> **Exercise aim**:
Starting at the line that has "(* Writing d" and stopping after the line that has "(fun k Hk => stirling_rem_step_ge", reproduce the listing below exactly; omit everything else.

> **Extracted entries**:
┄┄┄┄┄┄
(* With [t = 1/(2n+1)], [ln (1 + 1/n) = ln (1 + t) - ln (1 - t)]. *)
Lemma stirling_rem_step_ge (n : nat) :
  (1 <= n)%nat -> / (12 * INR n + 1) - / (12 * INR (S n) + 1) <= stirling_rem n - stirling_rem (S n).
Proof.
  intros Hn. rewrite stirling_rem_step, S_INR. assert (HN : 1 <= INR n) by (apply (le_INR 1); lia).
  set (N := INR n) in *. set (t := / (2 * N + 1)).
  assert (Ht0 : 0 < t) by (apply Rinv_0_lt_compat; lra).
  assert (Ht1 : t < 1) by (unfold t; rewrite <- Rinv_1; apply Rinv_lt_contravar; lra).
  assert (Hln := ln_1p_sub_ln_1m_ge t ltac:(lra)).
  replace (1 + t) with (2 * (N + 1) * t) in Hln by (unfold t; field; lra).
  replace (1 - t) with (2 * N * t) in Hln by (unfold t; field; lra).
  rewrite !ln_mult in Hln by lra.
  assert (Hmul : (N + /2) * (2*t + 2*t^3/3) <= (N + /2) * (ln (N + 1) - ln N))
    by (apply Rmult_le_compat_l; lra).
  replace ((N + /2) * (2*t + 2*t^3/3)) with (1 + t^2/3) in Hmul by (unfold t; field; lra).
  assert (0 <= (24*N - 23) / (3 * (2*N + 1)^2 * (12*N + 1) * (12*N + 13)))
    by (apply Rdiv_le_0_compat; [lra | repeat apply Rmult_lt_0_compat; nra]).
  replace (t^2/3) with (/ (12 * N + 1) - / (12 * (N + 1) + 1)
                        + (24*N - 23) / (3 * (2*N + 1)^2 * (12*N + 1) * (12*N + 13)))
    in Hmul by (unfold t; field; repeat split; lra).
  lra.
Qed.

Lemma telescope_le (f h : nat -> R) (m : nat) :
  (forall n, (m <= n)%nat -> f n - f (S n) <= h n - h (S n)) ->
  forall k, f m - f (m + k)%nat <= h m - h (m + k)%nat.
Proof.
  intros Hstep k. induction k as [|k IH]; [rewrite Nat.add_0_r; lra|].
  rewrite Nat.add_succ_r. assert (H := Hstep (m + k)%nat ltac:(lia)). lra.
Qed.

Lemma le_of_forall_le_sub_inv (a b : R) (n : nat) :
  (forall m, (n <= m)%nat -> (1 <= m)%nat -> a - / INR m <= b) -> a <= b.
Proof.
  intros H. apply Rle_plus_epsilon. intros eps Heps.
  destruct (archimed_cor1 eps Heps) as [N [HN HN0]].
  assert (Hm := H (Nat.max n N) ltac:(lia) ltac:(lia)).
  assert (/ INR (Nat.max n N) <= / INR N).
  { apply Rinv_le_contravar; [apply lt_0_INR; lia | apply le_INR; lia]. }
  lra.
Qed.

(* Writing d for [stirling_rem], telescoping the step
   bounds gives [d n >= d m + 1/(12n+1) - 1/(12m+1)] for m >= n, and
   [d m >= ln(2 pi)/2 - 1/(4m)] by combining the upper step bound from m to 2m
   with [stirling_rem_double_ge]; then let m grow. *)
Lemma stirling_rem_ge (n : nat) :
  (1 <= n)%nat -> ln (2 * PI) / 2 + / (12 * INR n + 1) <= stirling_rem n.
Proof.
  intros Hn. apply (le_of_forall_le_sub_inv _ _ n). intros m Hnm Hm.
  assert (HM : 1 <= INR m) by (apply (le_INR 1); lia).
  assert (Hlow := telescope_le (fun k => / (12 * INR k + 1)) stirling_rem n
                    (fun k Hk => stirling_rem_step_ge k ltac:(lia)) (m - n)).
  assert (Hup := telescope_le stirling_rem (fun k => / (2 * INR k)) m
                   (fun k Hk => stirling_rem_step_le k ltac:(lia)) m).
  assert (Hdouble := stirling_rem_double_ge m Hm).
  replace (n + (m - n))%nat with m in Hlow by lia.
  replace (m + m)%nat with (2 * m)%nat in Hup by lia.
  cbv beta in Hlow, Hup. rewrite mult_INR in Hup. replace (INR 2) with 2 in Hup by (simpl; lra).
  assert (/ (12 * INR m + 1) <= / INR m / 2)
    by (unfold Rdiv; rewrite <- Rinv_mult; apply Rinv_le_contravar; lra).
  replace (/ (2 * INR m) - / (2 * (2 * INR m))) with (/ INR m / 4) in Hup by (field; lra).
  assert (0 < / INR m) by (apply Rinv_0_lt_compat; lra).
  lra.
Qed.

Lemma xseq_eq (n : nat) :
  (1 <= n)%nat ->
  xseq n = (INR n * ln (1 + / INR n) - ln (INR n) / 2 + INR n - stirling_rem n)
           / (INR n * (INR n + 1)).
Proof.
  intros Hn. assert (HN : 0 < INR n) by (apply lt_0_INR; lia).
  unfold xseq, ell, Rpower. rewrite ln_div, !ln_exp by apply exp_pos.
  fold (lnfact (S n)) (lnfact n). rewrite lnfact_S, S_INR, ln_1p_inv by lra.
  unfold stirling_rem. field. lra.
Qed.

Definition xseq_bound (N : R) : R :=
  1 / N - ln N / (2 * N * (N + 1)) - ln (2 * PI) / (2 * N * (N + 1)).

Definition xseq_gap (N : R) : R :=
  (/ (2 * N) - / (3 * N ^ 2) + / (12 * N + 1)) / (N * (N + 1)).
┄┄┄┄┄┄
> **Task result**:
(* Writing d for [stirling_rem], telescoping the step
   bounds gives [d n >= d m + 1/(12n+1) - 1/(12m+1)] for m >= n, and
   [d m >= ln(2 pi)/2 - 1/(4m)] by combining the upper step bound from m to 2m
   with [stirling_rem_double_ge]; then let m grow. *)
Lemma stirling_rem_ge (n : nat) :
  (1 <= n)%nat -> ln (2 * PI) / 2 + / (12 * INR n + 1) <= stirling_rem n.
Proof.
  intros Hn. apply (le_of_forall_le_sub_inv _ _ n). intros m Hnm Hm.
  assert (HM : 1 <= INR m) by (apply (le_INR 1); lia).
  assert (Hlow := telescope_le (fun k => / (12 * INR k + 1)) stirling_rem n
                    (fun k Hk => stirling_rem_step_ge k ltac:(lia)) (m - n)).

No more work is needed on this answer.